### RECORDS TO PROCESS
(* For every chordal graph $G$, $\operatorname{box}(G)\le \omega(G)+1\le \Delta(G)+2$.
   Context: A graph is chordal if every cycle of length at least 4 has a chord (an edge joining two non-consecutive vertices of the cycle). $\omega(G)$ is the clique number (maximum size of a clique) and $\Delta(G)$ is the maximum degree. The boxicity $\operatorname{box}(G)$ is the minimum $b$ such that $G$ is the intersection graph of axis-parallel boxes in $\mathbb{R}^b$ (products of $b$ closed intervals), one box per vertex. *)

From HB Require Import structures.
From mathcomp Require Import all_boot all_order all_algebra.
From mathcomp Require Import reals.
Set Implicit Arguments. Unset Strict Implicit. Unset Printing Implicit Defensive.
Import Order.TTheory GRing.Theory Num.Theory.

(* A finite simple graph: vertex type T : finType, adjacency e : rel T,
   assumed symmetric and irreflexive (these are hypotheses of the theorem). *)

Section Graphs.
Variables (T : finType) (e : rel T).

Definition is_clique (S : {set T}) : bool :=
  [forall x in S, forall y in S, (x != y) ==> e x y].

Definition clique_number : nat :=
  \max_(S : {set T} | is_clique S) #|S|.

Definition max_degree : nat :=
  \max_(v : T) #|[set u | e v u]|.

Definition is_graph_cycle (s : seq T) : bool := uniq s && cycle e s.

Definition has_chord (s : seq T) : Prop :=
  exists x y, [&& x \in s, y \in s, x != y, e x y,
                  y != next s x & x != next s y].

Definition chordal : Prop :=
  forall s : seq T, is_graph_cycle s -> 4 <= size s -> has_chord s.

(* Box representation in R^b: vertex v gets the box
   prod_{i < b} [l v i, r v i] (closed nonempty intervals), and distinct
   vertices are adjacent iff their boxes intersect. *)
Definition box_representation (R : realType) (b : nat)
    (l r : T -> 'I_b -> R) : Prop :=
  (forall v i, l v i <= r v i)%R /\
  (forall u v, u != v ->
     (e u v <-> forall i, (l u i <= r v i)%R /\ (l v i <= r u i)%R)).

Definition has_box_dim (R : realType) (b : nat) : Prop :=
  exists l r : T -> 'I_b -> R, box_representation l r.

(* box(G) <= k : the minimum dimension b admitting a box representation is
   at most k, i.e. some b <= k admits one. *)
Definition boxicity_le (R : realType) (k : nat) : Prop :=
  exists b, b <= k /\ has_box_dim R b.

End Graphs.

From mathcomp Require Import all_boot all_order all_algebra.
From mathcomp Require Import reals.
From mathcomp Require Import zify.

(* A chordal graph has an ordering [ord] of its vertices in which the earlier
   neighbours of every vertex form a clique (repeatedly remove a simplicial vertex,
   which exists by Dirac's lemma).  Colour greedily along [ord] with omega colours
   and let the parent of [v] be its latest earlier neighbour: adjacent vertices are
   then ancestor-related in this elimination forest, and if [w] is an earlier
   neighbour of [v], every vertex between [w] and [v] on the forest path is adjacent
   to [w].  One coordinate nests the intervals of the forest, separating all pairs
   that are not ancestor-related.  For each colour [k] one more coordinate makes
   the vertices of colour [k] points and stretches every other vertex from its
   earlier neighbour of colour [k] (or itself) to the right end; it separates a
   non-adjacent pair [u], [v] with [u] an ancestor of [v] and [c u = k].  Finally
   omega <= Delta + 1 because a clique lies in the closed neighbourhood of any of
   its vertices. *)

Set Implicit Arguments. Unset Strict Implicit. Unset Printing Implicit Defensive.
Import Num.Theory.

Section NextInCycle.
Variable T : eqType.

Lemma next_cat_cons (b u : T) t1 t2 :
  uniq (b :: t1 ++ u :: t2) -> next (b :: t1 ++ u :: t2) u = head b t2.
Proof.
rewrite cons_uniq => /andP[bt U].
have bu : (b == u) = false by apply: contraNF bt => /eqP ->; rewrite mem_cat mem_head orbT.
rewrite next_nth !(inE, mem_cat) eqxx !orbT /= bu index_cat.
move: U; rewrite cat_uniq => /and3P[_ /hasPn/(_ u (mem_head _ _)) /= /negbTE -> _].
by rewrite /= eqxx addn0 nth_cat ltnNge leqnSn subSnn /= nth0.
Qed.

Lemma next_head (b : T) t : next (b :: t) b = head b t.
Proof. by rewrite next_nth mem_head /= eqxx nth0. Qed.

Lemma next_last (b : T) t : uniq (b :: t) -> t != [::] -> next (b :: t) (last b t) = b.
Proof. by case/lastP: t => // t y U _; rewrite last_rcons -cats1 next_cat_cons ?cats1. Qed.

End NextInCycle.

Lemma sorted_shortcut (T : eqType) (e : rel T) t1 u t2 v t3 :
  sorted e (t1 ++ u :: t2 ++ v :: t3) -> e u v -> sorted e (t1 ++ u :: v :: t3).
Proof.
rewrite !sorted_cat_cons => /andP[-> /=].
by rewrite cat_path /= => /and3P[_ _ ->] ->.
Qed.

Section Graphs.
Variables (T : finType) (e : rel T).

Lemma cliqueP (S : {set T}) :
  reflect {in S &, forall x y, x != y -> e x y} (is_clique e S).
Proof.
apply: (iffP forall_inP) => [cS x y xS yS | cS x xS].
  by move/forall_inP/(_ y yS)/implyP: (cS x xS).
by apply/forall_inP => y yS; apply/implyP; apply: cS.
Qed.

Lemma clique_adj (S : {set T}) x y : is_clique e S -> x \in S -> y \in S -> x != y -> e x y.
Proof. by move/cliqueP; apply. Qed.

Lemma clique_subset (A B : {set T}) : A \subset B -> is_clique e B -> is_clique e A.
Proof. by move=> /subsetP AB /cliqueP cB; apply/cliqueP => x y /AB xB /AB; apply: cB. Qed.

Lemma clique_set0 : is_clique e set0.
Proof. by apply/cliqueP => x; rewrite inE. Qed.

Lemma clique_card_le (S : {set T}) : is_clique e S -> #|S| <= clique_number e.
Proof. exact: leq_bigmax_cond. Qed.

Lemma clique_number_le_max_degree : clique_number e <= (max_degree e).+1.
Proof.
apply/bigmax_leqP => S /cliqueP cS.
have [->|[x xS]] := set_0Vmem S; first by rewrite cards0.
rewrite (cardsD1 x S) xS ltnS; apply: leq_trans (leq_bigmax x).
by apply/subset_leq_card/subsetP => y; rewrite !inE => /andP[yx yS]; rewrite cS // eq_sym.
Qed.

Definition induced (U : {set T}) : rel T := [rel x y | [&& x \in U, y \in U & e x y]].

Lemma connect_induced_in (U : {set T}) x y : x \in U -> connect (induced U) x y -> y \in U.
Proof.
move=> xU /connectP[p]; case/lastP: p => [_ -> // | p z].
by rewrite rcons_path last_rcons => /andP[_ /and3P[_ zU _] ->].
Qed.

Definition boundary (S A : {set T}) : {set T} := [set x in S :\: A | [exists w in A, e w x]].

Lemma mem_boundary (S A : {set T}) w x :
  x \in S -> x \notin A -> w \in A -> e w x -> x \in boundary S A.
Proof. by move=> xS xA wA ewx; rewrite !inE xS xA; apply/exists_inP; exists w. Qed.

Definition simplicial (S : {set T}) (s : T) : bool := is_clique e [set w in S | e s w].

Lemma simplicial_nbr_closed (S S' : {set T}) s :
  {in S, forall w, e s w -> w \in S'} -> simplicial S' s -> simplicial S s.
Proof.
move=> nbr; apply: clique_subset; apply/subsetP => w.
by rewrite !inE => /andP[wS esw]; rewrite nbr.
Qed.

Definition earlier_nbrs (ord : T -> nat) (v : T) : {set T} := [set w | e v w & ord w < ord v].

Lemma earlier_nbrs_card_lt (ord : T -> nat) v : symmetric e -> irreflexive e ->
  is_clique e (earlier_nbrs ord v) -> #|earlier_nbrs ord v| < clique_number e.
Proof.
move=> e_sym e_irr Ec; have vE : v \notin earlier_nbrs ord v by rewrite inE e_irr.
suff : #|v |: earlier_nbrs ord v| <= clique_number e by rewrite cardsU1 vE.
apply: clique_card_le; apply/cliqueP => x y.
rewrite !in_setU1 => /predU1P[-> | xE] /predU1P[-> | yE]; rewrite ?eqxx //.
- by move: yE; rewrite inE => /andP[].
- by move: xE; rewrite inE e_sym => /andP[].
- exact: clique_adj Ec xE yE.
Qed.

### WORK TASK
Reproduce all lines from the records above that include the word "NextInCycle".

### RESULT OF THE EXERCISE
Section NextInCycle.
End NextInCycle.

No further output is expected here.